Reconhecendo o potencial paisagístico, de uso, histórico e arquitetônico da área central e preocupados com sua situação caótica, causada pela desordem visual da publicidade, dificuldade de circulação de pedestres pelo acúmulo e má localização do mobiliário urbano, duplicação de muitos equipamentos, problemas de segurança urbana e deterioração dos edifícios e monumentos de valor histórico, técnicos de diversos órgãos da Prefeitura propuseram em 1989 um programa-piloto de ordenação da área central, que se denominou Eixo Sé-Arouche. Tratava-se da implantação de uma sistemática técnica e operacional, que permitisse sua extensão a toda a área central e demonstrasse sua viabilidade para a criação de programas similares em outras áreas da cidade.

Na abordagem deste trabalho a paisagem é um todo composto por muitos fragmentos "refundidos" de muitos modos, como uma unidade formada por situações heterogêneas de configuração e significação, reconhecendo que essas especificidades qualificam cada local dotando-o de potencialidades e significados próprios. A ação deveria, portanto, integrar as diversas competências, sem perder de vista as especificidades locais do espaço público, passíveis de muitas leituras e usos. Nessa integração, não se pode deixar de levar em conta a realidade administrativa e política, bem como as oportunidades ou impossibilidades que vão se colocando ao desenvolvimento do trabalho.

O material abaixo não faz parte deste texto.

(* Let $a,b\in\mathbb{N}$ with $2\leq b\leq a$ and let $x_1\geq x_2\geq\cdots\geq x_b\geq 0$ be reals. Then $$(a-b+1)\,a^{\log_b x_b}+\sum_{i=1}^{b-1}a^{\log_b x_i}\leq a^{\log_b\sum_{i=1}^{b}x_i}.$$
   Context: By convention $a^{\log_b 0}=0$, so $x_b$ (and any $x_i$) may be $0$. *)

From mathcomp Require Import all_boot all_order all_algebra.
From mathcomp Require Import reals exp.
Set Implicit Arguments. Unset Strict Implicit. Unset Printing Implicit Defensive.
Import Order.TTheory GRing.Theory Num.Theory.
Local Open Scope ring_scope.

(* alogb a b x = a^{log_b x}, with the paper's convention a^{log_b 0} = 0.
   log_b x = ln x / ln b. *)
Definition alogb (R : realType) (a b : nat) (x : R) : R :=
  if x == 0 then 0 else powR (a%:R) (ln x / ln (b%:R)).

(* With c := ln a / ln b >= 1 one has a^{log_b y} = y^c and b^c = a.  Let
   t := x_b be the smallest term.  Convexity of y |-> y^c makes its increments
   grow with the base point: (t + d)^c - t^c <= (B + d)^c - B^c for t <= B and
   d >= 0.  Starting from B := b t and moving the excesses x_i - t (i < b) onto B
   one at a time gives
     (b t)^c + sum_{i<b} x_i^c <= (sum_{i<=b} x_i)^c + (b - 1) t^c,
   and (b t)^c = a t^c turns this into the claim. *)
From mathcomp Require Import all_boot all_order all_algebra.
From mathcomp Require Import classical_sets interval_inference reals exp convex hoelder.
From mathcomp Require Import ring lra zify.
Import Order.TTheory GRing.Theory Num.Theory.
Set Implicit Arguments. Unset Strict Implicit.
Local Open Scope ring_scope.

Section PowRConvexity.
Variables (R : realType) (c : R).
Hypothesis c_ge1 : 1 <= c.

Lemma powR_convex_le (t x y : R) : 0 <= t -> t <= 1 -> 0 <= x -> 0 <= y ->
  (t * x + (1 - t) * y) `^ c <= t * x `^ c + (1 - t) * y `^ c.
Proof.
move=> t0 t1 x0 y0.
have := @convex_powR R c c_ge1 (Itv01 t0 t1) x y.
by rewrite !inE /= !in_itv /= !andbT => /(_ x0 y0); rewrite !convRE.
Qed.

(* Both [u] and [w + v] are convex combinations of [w] and [u + v], with
   complementary weights. *)
Lemma powR_increment_le (w u v : R) : 0 <= w -> w <= u -> 0 <= v ->
  (w + v) `^ c + u `^ c <= w `^ c + (u + v) `^ c.
Proof.
move=> w0 wu v0; set L := u + v - w.
have [L0|L_neq0] := eqVneq L 0.
  have [uw v_eq0] : u = w /\ v = 0 by rewrite /L in L0; split; lra.
  by rewrite uw v_eq0 addr0 addrC.
have L_gt0 : 0 < L by rewrite lt_neqAle eq_sym L_neq0 /L; lra.
set p := v / L.
have p0 : 0 <= p by rewrite divr_ge0 // ltW.
have p1 : p <= 1 by rewrite ler_pdivrMr // mul1r /L; lra.
have uE : p * w + (1 - p) * (u + v) = u by rewrite /p /L; field; rewrite -/L.
have wvE : (1 - p) * w + (1 - (1 - p)) * (u + v) = w + v.
  by rewrite /p /L; field; rewrite -/L.
have uv0 : 0 <= u + v by lra.
have := powR_convex_le p0 p1 w0 uv0; rewrite uE.
have := @powR_convex_le (1 - p) _ _ ltac:(lra) ltac:(lra) w0 uv0; rewrite wvE.
lra.
Qed.

Lemma powR_sum_shift_le (B t : R) (s : seq R) :
  0 <= t -> t <= B -> (forall r, r \in s -> 0 <= r) ->
  B `^ c + \sum_(r <- s) (t + r) `^ c <=
    (B + \sum_(r <- s) r) `^ c + (size s)%:R * t `^ c.
Proof.
elim: s B => [|r s IH] B t0 tB s_ge0.
  by rewrite !big_nil !addr0 mul0r addr0.
have r0 : 0 <= r by apply: s_ge0; rewrite mem_head.
have tBr : t <= B + r by lra.
have := IH (B + r) t0 tBr (fun q qs => s_ge0 q (mem_behead (s := r :: s) qs)).
have := powR_increment_le t0 tB r0.
rewrite !big_cons /= -natr1 [B + (r + _)]addrA; lra.
Qed.

End PowRConvexity.

Section Exponent.
Variables (R : realType) (a b : nat).
Hypotheses (b_ge2 : (2 <= b)%N) (b_le_a : (b <= a)%N).

Let ln_b_gt0 : 0 < ln (b%:R : R).
Proof. by rewrite ln_gt0 // ltr1n. Qed.

Let a_gt0 : 0 < (a%:R : R).
Proof. by rewrite ltr0n; lia. Qed.

Lemma alogb_exponent_ge1 : 1 <= ln (a%:R : R) / ln b%:R.
Proof.
rewrite ler_pdivlMr // mul1r ler_ln ?posrE ?ler_nat // ltr0n; lia.
Qed.

Lemma powR_alogb_exponent : (b%:R : R) `^ (ln (a%:R : R) / ln b%:R) = a%:R.
Proof.
have b_neq0 : (b%:R : R) != 0 by rewrite pnatr_eq0; lia.
by rewrite /powR (negbTE b_neq0) mulfVK ?gt_eqF // lnK.
Qed.

Lemma alogbE (y : R) : 0 <= y -> alogb a b y = y `^ (ln (a%:R : R) / ln b%:R).
Proof.
move=> y0; rewrite /alogb.
have [->|y_neq0] := eqVneq y 0.
  by rewrite powR0 // mulf_neq0 ?invr_eq0 ?gt_eqF ?ln_gt0 ?ltr1n //; lia.
by rewrite /powR (negbTE y_neq0) gt_eqF //; f_equal; ring.
Qed.

End Exponent.

Lemma nonincn_in_le_last d (T : porderType d) (x : nat -> T) (m n : nat) :
  (forall i, (m <= i)%N -> (i < n)%N -> (x i.+1 <= x i)%O) ->
  forall i, (m <= i <= n)%N -> (x n <= x i)%O.
Proof.
move=> x_noninc i /andP[mi i_le_n].
apply: (@Order.NatMonotonyTheory.nonincn_inP _ _ [pred i | m <= i <= n]%N) => //.
- move=> j l; rewrite !inE /= => jD lD k; rewrite !ltEnat /= => /andP[jk kl].
  by rewrite inE /=; lia.
- by move=> j; rewrite !inE /= => jD jD'; apply: x_noninc; lia.
- by rewrite inE /=; lia.
- by rewrite inE /=; lia.
Qed.

Lemma powR_sum_min_le (R : realType) (c : R) (b : nat) (x : nat -> R) :
  1 <= c -> (0 < b)%N -> 0 <= x b -> (forall i, (1 <= i <= b)%N -> x b <= x i) ->
  (b%:R * x b) `^ c + \sum_(1 <= i < b) x i `^ c <=
    (\sum_(1 <= i < b.+1) x i) `^ c + (b - 1)%:R * x b `^ c.
Proof.
move=> c_ge1 b_gt0 xb0 xb_min; set t := x b.
have tb_le : t <= b%:R * t by rewrite ler_peMl // ler1n.
set d := [seq x i - t | i <- index_iota 1 b].
have d_ge0 r : r \in d -> 0 <= r.
  by case/mapP=> i; rewrite mem_index_iota => ib ->; rewrite subr_ge0 xb_min //; lia.
have := powR_sum_shift_le c_ge1 xb0 tb_le d_ge0.
rewrite size_map size_iota subn1 !big_map.
under eq_bigr do rewrite addrC subrK.
suff -> : b%:R * t + \sum_(i <- index_iota 1 b) (x i - t) = \sum_(1 <= i < b.+1) x i by [].
rewrite big_nat_recr //= sumrB sumr_const_nat -[t *+ _]mulr_natl natrB //.
by rewrite /t; ring.
Qed.

Theorem lemma10 (R : realType) (a b : nat) (x : nat -> R) :
  (2 <= b)%N -> (b <= a)%N ->
  (forall i : nat, (1 <= i)%N -> (i < b)%N -> x i.+1 <= x i) ->
  0 <= x b ->
  (a - b + 1)%:R * alogb a b (x b) + \sum_(1 <= i < b) alogb a b (x i)
    <= alogb a b (\sum_(1 <= i < b.+1) x i).
Proof.
move=> b_ge2 b_le_a x_noninc xb0.
have b_gt0 : (0 < b)%N by lia.
have xb_min i : (1 <= i <= b)%N -> x b <= x i by apply: nonincn_in_le_last.
have x_ge0 i : (1 <= i <= b)%N -> 0 <= x i by move/xb_min; apply: le_trans.
have S_ge0 : 0 <= \sum_(1 <= i < b.+1) x i.
  by rewrite big_nat_cond sumr_ge0 // => i /andP[/andP[i1 ib] _]; apply: x_ge0; lia.
have alogb_x i : (1 <= i < b)%N -> alogb a b (x i) = x i `^ (ln a%:R / ln b%:R).
  by move=> ib; rewrite alogbE //; apply: x_ge0; lia.
have := powR_sum_min_le (alogb_exponent_ge1 R b_ge2 b_le_a) b_gt0 xb0 xb_min.
rewrite powRM ?ler0n // powR_alogb_exponent // -!alogbE // -(eq_big_nat _ _ alogb_x).
rewrite natrD natrB ?natrB //; lra.
Qed.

A melhoria das qualidades estéticas, de "suporte de memória" e de uso pela população é obtida basicamente por um projeto de gestão (técnica e conceitualmente subsidiado no conhecimento e interpretação dessas qualidades e potencialidades). Para isso foi necessário o compromisso de total integração dos órgãos públicos, criando as condições para a coordenação dos diversos setores que atuavam desarticuladamente. A participação da sociedade, de entidades de classe, associações de moradores e usuários, de proprietários, comerciantes e empresas, era tida como indispensável ao sucesso do projeto, criando-se os canais de comunicação entre a comunidade e a administração pública, estratégia que favoreceu alguns dos melhores resultados obtidos pelo trabalho.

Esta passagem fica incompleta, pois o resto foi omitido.